I want to talk for a minute about something that captures a lot of attention and hawk-like focus during the month of March, especially around these parts.

Something that’s pleasing to succeed at, but gut-wrenching if you don’t get it right. And it’s not just the men who pay close attention to it; everyone does. Teenagers through septuagenarians,  guys and girls of all ages and backgrounds.

I’m not referring to the NCAA basketball tournament. I’m talking about the REAL March madness: the spring thaw. More specifically? Potholes.

(Now that I’ve written it, that was a really crappy analogy, but I digress.)

As it turns out, winter isn’t the only weather learning curve I’ve got coming to me in Maine. No sirree! The average temperature feels like it’s raising ever so slightly and steadily, the sun is staying in the sky for a little longer each day thanks to what felt like a premature start to daylight savings, and the enormous snowbanks I’ve grown used to over the past three months have started to recede a lot quicker and more noticeably.

So as some stupid kid from Australia who’s spent three months nervously edging his way across frozen parking lots and front yards, this has gotta be good news, right?

WRONG, I SAY.

You see, what I didn’t anticipate or know anything about is how roads react to such changing climates. Don’t get me wrong: coworkers had mentioned it to me a handful of times over the winter as they drove me to work. But experiencing it from behind the wheel is a whole other barrel of laughs. And by laughs, I mean pained grimaces akin to having a tooth removed. Through my eye socket. I turned a corner off Augusta’s main drag just an hour ago and literally said “Jesus Christ, that thing is fucking RIDICULOUS.” I thought I’d driven nose-first into the Grand Canyon.

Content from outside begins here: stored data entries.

Definition Psig (s : gal_of {:L}) : 'M[R[i]]_m :=
  proj_mx (Vsig s) (\sum_(t in 'Gal({:L} / 1%VS)%g | t != s) Vsig t)%MS.

Definition Psig2 (s t : gal_of {:L}) : 'M[R[i]]_m :=
  proj_mx (Vsig s + Vsig t)%MS
          (\sum_(u in 'Gal({:L} / 1%VS)%g | (u != s) && (u != t)) Vsig u)%MS.

End Setup.

(* composition kappa o sigma (apply sigma first).  Note MathComp's
   Galois group product satisfies (x * y) a = y (x a). *)
Definition galcomp (L : splittingFieldType rat) (k s : gal_of {:L}) : gal_of {:L} :=
  (s * k)%g.

Definition toC (R : realType) (k m : nat) (W : 'M[rat]_(k, m)) : 'M[R[i]]_(k, m) :=
  map_mx (fun q : rat => ratr q) W.

From HB Require Import structures.
From mathcomp Require Import all_boot all_order all_algebra all_fingroup all_field.
From mathcomp Require Import complex reals.
From mathcomp Require Import zify.
Set Implicit Arguments. Unset Strict Implicit. Unset Printing Implicit Defensive.
Import GRing.Theory Num.Theory.
Local Open Scope ring_scope.

(* For A a set of Galois elements and V_A the sum of the V_s with s in A,
   V_C is the direct sum of V_A and V_(G \ A), so P_A(W_C) = V_A amounts to
   V_A <= W_C + V_(G \ A).  Each V_s is an eigenspace of the primitive
   element of E, hence is the extension of scalars of a subspace defined
   over E, and W is defined over Q; so this inclusion can be tested over E,
   and mapping the matrices by kappa in G carries V_s to V_(s kappa) while
   fixing W.  The condition for A is therefore equivalent to the one for
   A kappa. *)

Section ProjectionImage.
Variables (F : fieldType) (n : nat).
Implicit Types U V : 'M[F]_n.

According to Wikipedia (I know, I know) via a very stern-sounding publication from the U.S. Army Corps of Engineers—Cold Regions Research & Engineering Laboratory (p. 34), this is how they happen.

In areas subject to freezing and thawing, frost action can damage a pavement and create openings for water to enter. Spring thaw of pavements accelerates this process when thawing of upper portions of the soil structure in a pavement cannot drain past still-frozen lower layers, thus saturating the supporting soil and weakening it.

FUN. Right? There are also things called “frost heaves” which make awesome bumps in the road when warmer soil (I guess?) causes the ice to grow (!) towards the surface of the road, shifting the blacktop. HOLY HELL. 

I’ve already learned to change my route to work from the main road populated by businesses (and drive-thrus, thankfully for my waistline), since I destroyed a tire driving that way to the office five days after getting my car. I’d love to send that $140 invoice to the city, but I feel like they’d probably just laugh at my naivete.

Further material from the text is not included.